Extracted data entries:

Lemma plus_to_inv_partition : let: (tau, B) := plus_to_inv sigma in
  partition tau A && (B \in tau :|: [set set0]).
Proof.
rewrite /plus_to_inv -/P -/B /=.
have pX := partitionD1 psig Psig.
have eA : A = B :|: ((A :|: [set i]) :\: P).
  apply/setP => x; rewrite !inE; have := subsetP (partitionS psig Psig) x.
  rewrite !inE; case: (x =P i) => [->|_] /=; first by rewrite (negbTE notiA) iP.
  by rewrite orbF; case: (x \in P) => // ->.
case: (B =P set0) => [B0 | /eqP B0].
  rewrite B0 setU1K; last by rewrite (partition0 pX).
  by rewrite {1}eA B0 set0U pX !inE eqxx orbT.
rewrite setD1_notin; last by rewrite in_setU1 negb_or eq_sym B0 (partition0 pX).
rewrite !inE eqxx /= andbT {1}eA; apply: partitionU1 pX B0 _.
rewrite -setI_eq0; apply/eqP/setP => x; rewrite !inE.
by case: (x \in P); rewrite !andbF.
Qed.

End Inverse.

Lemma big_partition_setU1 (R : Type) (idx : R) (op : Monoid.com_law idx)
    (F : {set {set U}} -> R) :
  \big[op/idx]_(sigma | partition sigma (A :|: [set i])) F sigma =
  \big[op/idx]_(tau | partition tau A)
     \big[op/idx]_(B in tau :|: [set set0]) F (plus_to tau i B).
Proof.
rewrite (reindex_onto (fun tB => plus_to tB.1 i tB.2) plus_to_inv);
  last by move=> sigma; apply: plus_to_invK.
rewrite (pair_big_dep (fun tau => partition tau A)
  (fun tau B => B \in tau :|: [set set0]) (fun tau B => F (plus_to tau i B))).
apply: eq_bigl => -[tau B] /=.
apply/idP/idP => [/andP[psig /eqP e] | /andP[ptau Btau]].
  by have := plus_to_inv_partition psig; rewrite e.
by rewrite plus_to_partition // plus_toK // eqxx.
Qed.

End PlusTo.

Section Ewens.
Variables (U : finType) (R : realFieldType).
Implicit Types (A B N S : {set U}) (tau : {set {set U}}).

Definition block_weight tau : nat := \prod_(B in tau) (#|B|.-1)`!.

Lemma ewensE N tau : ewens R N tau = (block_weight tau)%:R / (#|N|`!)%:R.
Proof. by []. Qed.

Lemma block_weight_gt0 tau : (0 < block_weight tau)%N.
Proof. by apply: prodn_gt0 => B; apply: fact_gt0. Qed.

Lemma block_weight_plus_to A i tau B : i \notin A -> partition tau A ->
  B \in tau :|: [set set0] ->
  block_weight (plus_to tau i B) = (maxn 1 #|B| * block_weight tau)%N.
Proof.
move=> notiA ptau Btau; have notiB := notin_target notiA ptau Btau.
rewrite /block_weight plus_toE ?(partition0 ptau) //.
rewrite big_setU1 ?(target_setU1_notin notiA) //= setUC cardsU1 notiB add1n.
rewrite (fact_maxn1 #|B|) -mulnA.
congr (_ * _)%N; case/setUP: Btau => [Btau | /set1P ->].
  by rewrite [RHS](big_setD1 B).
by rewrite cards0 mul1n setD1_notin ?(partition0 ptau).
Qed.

* WHAT TO PRODUCE:
Word for word, set down the lines from the beginning of the records through the line that holds "Variables (U : finType) (R : realFieldType).". Leave out the rest.

* RESULT OF THE EXERCISE:
Lemma plus_to_inv_partition : let: (tau, B) := plus_to_inv sigma in
  partition tau A && (B \in tau :|: [set set0]).
Proof.
rewrite /plus_to_inv -/P -/B /=.
have pX := partitionD1 psig Psig.
have eA : A = B :|: ((A :|: [set i]) :\: P).
  apply/setP => x; rewrite !inE; have := subsetP (partitionS psig Psig) x.
  rewrite !inE; case: (x =P i) => [->|_] /=; first by rewrite (negbTE notiA) iP.
  by rewrite orbF; case: (x \in P) => // ->.
case: (B =P set0) => [B0 | /eqP B0].
  rewrite B0 setU1K; last by rewrite (partition0 pX).
  by rewrite {1}eA B0 set0U pX !inE eqxx orbT.
rewrite setD1_notin; last by rewrite in_setU1 negb_or eq_sym B0 (partition0 pX).
rewrite !inE eqxx /= andbT {1}eA; apply: partitionU1 pX B0 _.
rewrite -setI_eq0; apply/eqP/setP => x; rewrite !inE.
by case: (x \in P); rewrite !andbF.
Qed.

End Inverse.

Lemma big_partition_setU1 (R : Type) (idx : R) (op : Monoid.com_law idx)
    (F : {set {set U}} -> R) :
  \big[op/idx]_(sigma | partition sigma (A :|: [set i])) F sigma =
  \big[op/idx]_(tau | partition tau A)
     \big[op/idx]_(B in tau :|: [set set0]) F (plus_to tau i B).
Proof.
rewrite (reindex_onto (fun tB => plus_to tB.1 i tB.2) plus_to_inv);
  last by move=> sigma; apply: plus_to_invK.
rewrite (pair_big_dep (fun tau => partition tau A)
  (fun tau B => B \in tau :|: [set set0]) (fun tau B => F (plus_to tau i B))).
apply: eq_bigl => -[tau B] /=.
apply/idP/idP => [/andP[psig /eqP e] | /andP[ptau Btau]].
  by have := plus_to_inv_partition psig; rewrite e.
by rewrite plus_to_partition // plus_toK // eqxx.
Qed.

End PlusTo.

Section Ewens.
Variables (U : finType) (R : realFieldType).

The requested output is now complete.